◆ **PROBLEM DESCRIPTION**
In the data below, give the number of lines that contain the word "Hirred". Nothing else is needed.

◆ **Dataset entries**
(* Let $\langle \mathscr{A} \mid \mathscr{R} \rangle$ be a monoid presentation satisfying $C(2)$, and let $a \in \mathscr{A}$. Then $a$ is either indecomposable or redundant.
   Context: A monoid presentation $\langle \mathscr{A} \mid \mathscr{R} \rangle$ consists of an alphabet $\mathscr{A}$ and a set $\mathscr{R} \subseteq \mathscr{A}^* \times \mathscr{A}^*$ of relations; $\equiv_\mathscr{R}$ is the smallest congruence on $\mathscr{A}^*$ containing $\mathscr{R}$, $[u]$ denotes the class of $u$, and the monoid presented is $\mathscr{A}^*/\equiv_\mathscr{R}$. A relation word is a word occurring as one side of a relation in $\mathscr{R}$. A piece is a word which occurs as a factor of two distinct relation words, or in two different (possibly overlapping) positions within one relation word; the empty word is always a piece. The presentation is $C(n)$ ($n$ a positive integer) if no relation word can be written as a product of strictly fewer than $n$ pieces. A generator $a \in \mathscr{A}$ is redundant if $a$ is $\equiv_\mathscr{R}$-equivalent to a product of zero or more generators other than $a$ (equivalently, the monoid presented is generated by the classes of the letters in $\mathscr{A} \setminus \{a\}$). A non-identity element $s$ of a monoid is indecomposable if whenever $xy = s$ we have $x = 1$ or $y = 1$; a generator $a$ is indecomposable if $[a]$ is indecomposable. *)

From Stdlib Require Import List.
Import ListNotations.
Set Implicit Arguments.

Section Presentation.
Variable A : Type.
Variable R : list A -> list A -> Prop.

Inductive congR : list A -> list A -> Prop :=
| congR_rel : forall u v, R u v -> congR u v
| congR_refl : forall u, congR u u
| congR_sym : forall u v, congR u v -> congR v u
| congR_trans : forall u v w, congR u v -> congR v w -> congR u w
| congR_ctx : forall x y u v, congR u v -> congR (x ++ u ++ y) (x ++ v ++ y).

Definition relation_word (r : list A) : Prop :=
  exists s, R r s \/ R s r.

Definition piece (p : list A) : Prop :=
  p = [] \/
  exists r1 r2 x1 y1 x2 y2,
    relation_word r1 /\ relation_word r2 /\
    r1 = x1 ++ p ++ y1 /\ r2 = x2 ++ p ++ y2 /\
    (r1 <> r2 \/ length x1 <> length x2).

Definition small_cancellation (n : nat) : Prop :=
  forall r, relation_word r ->
  forall ps : list (list A), length ps < n ->
    (forall p, In p ps -> piece p) -> r <> concat ps.

Definition redundant (a : A) : Prop :=
  exists w : list A, ~ In a w /\ congR [a] w.

(* a is indecomposable: [a] is not the identity, and whenever [x][y] = [a]
   then [x] = 1 or [y] = 1 (every monoid element is a class [x]). *)
Definition indecomposable (a : A) : Prop :=
  ~ congR [a] [] /\
  forall x y : list A, congR (x ++ y) [a] -> congR x [] \/ congR y [].
End Presentation.

(* Under C(2) no relation word is empty, and a relation word containing the
   letter a cannot coexist with the relation word [a] unless it is [a] itself
   (otherwise [a] would be a piece, and [a] a product of one piece).  So if a is
   not redundant, every relation either has both sides equal to [a] or neither.
   Then every elementary step of the congruence maps [] to [] and [a] to [a],
   so the classes of [] and [a] are singletons, which forces indecomposability. *)
From Stdlib Require Import List Classical.
Import ListNotations.

Lemma app3_eq_nil {A : Type} {x u y : list A} (E : x ++ u ++ y = []) :
  x = [] /\ u = [] /\ y = [].
Proof.
  apply app_eq_nil in E as [-> E]. apply app_eq_nil in E as [-> ->]. auto.
Qed.

Lemma app3_eq_unit {A : Type} {x u y : list A} {b : A} (E : x ++ u ++ y = [b]) :
  u = [] \/ (x = [] /\ u = [b] /\ y = []).
Proof.
  apply app_eq_unit in E as [[-> E]|[_ E]].
  - apply app_eq_unit in E as [[-> _]|[-> ->]]; auto.
  - apply app_eq_nil in E as [-> _]. auto.
Qed.

Lemma app3_transfer {A : Type} (x y : list A) {u v : list A} {b : A}
    (Hnil : u = [] -> v = []) (Hb : u = [b] -> v = [b]) :
  (x ++ u ++ y = [] -> x ++ v ++ y = []) /\
  (x ++ u ++ y = [b] -> x ++ v ++ y = [b]).
Proof.
  split.
  - intros E. destruct (app3_eq_nil E) as (-> & -> & ->).
    now rewrite Hnil.
  - intros E. destruct (app3_eq_unit E) as [Eu|(-> & -> & ->)].
    + rewrite Hnil by exact Eu. subst u. exact E.
    + now rewrite Hb.
Qed.

Section SingletonClasses.
Context {A : Type} {R : list A -> list A -> Prop}.

Lemma congR_preserves_nil_and_letter (b : A) :
  (forall u v, R u v -> u <> [] /\ v <> []) ->
  (forall u v, R u v -> u = [b] <-> v = [b]) ->
  forall u v, congR R u v -> (u = [] <-> v = []) /\ (u = [b] <-> v = [b]).
Proof.
  intros Hnil Hb.
  induction 1 as [u v H| |u v _ IH|u v w _ IH1 _ IH2|x y u v _ IH].
  - destruct (Hnil u v H). split; [split; intros; contradiction|auto].
  - tauto.
  - tauto.
  - tauto.
  - destruct IH as [[nil_uv nil_vu] [b_uv b_vu]].
    destruct (app3_transfer x y nil_uv b_uv).
    destruct (app3_transfer x y nil_vu b_vu).
    tauto.
Qed.

End SingletonClasses.

Section SmallCancellation.
Context {A : Type} {R : list A -> list A -> Prop}.
Hypothesis C2 : small_cancellation R 2.

Lemma relation_word_neq_nil r : relation_word R r -> r <> [].
Proof.
  intros Hr Er. apply (C2 r Hr []); simpl; auto. contradiction.
Qed.

Lemma relation_word_letter (a : A) r :
  relation_word R [a] -> relation_word R r -> In a r -> r = [a].
Proof.
  intros Ha Hr Hin. apply NNPP. intros Hneq.
  apply (C2 [a] Ha [[a]]); simpl; auto.
  intros p [<-|[]]. right.
  destruct (in_split _ _ Hin) as (l1 & l2 & ->).
  exists [a], (l1 ++ a :: l2), [], [], l1, l2. repeat split; auto.
Qed.

Lemma relation_letter_iff (a : A) u v :
  ~ redundant R a -> R u v -> u = [a] <-> v = [a].
Proof.
  intros Hirred H.
  assert (Hu : relation_word R u) by (exists v; auto).
  assert (Hv : relation_word R v) by (exists u; auto).
  assert (Hin : forall w, congR R [a] w -> In a w).
  { intros w Hw. apply NNPP. intros Hout. apply Hirred. now exists w. }
  split; intros ->; apply relation_word_letter; auto.
  - apply Hin. now apply congR_rel.
  - apply Hin. apply congR_sym. now apply congR_rel.
Qed.

End SmallCancellation.

Theorem proposition5 (A : Type) (R : list A -> list A -> Prop) (a : A) :
  small_cancellation R 2 -> indecomposable R a \/ redundant R a.
Proof.
  intros C2. destruct (classic (redundant R a)) as [Hred|Hirred]; [now right|left].
  assert (Hclass : forall u v, congR R u v ->
            (u = [] <-> v = []) /\ (u = [a] <-> v = [a])).
  { apply congR_preserves_nil_and_letter.
    - intros u v H. split; apply (relation_word_neq_nil C2); eexists; eauto.
    - intros u v. now apply (relation_letter_iff C2). }
  split.
  - intros E. destruct (Hclass _ _ E) as [_ [Ha _]]. discriminate (Ha eq_refl).
  - intros x y E. destruct (Hclass _ _ E) as [_ [_ Hxy]].
    destruct (app_eq_unit x y (Hxy eq_refl)) as [[-> _]|[_ ->]];
      [left|right]; apply congR_refl.
Qed.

◆ **TASK RESULT**
3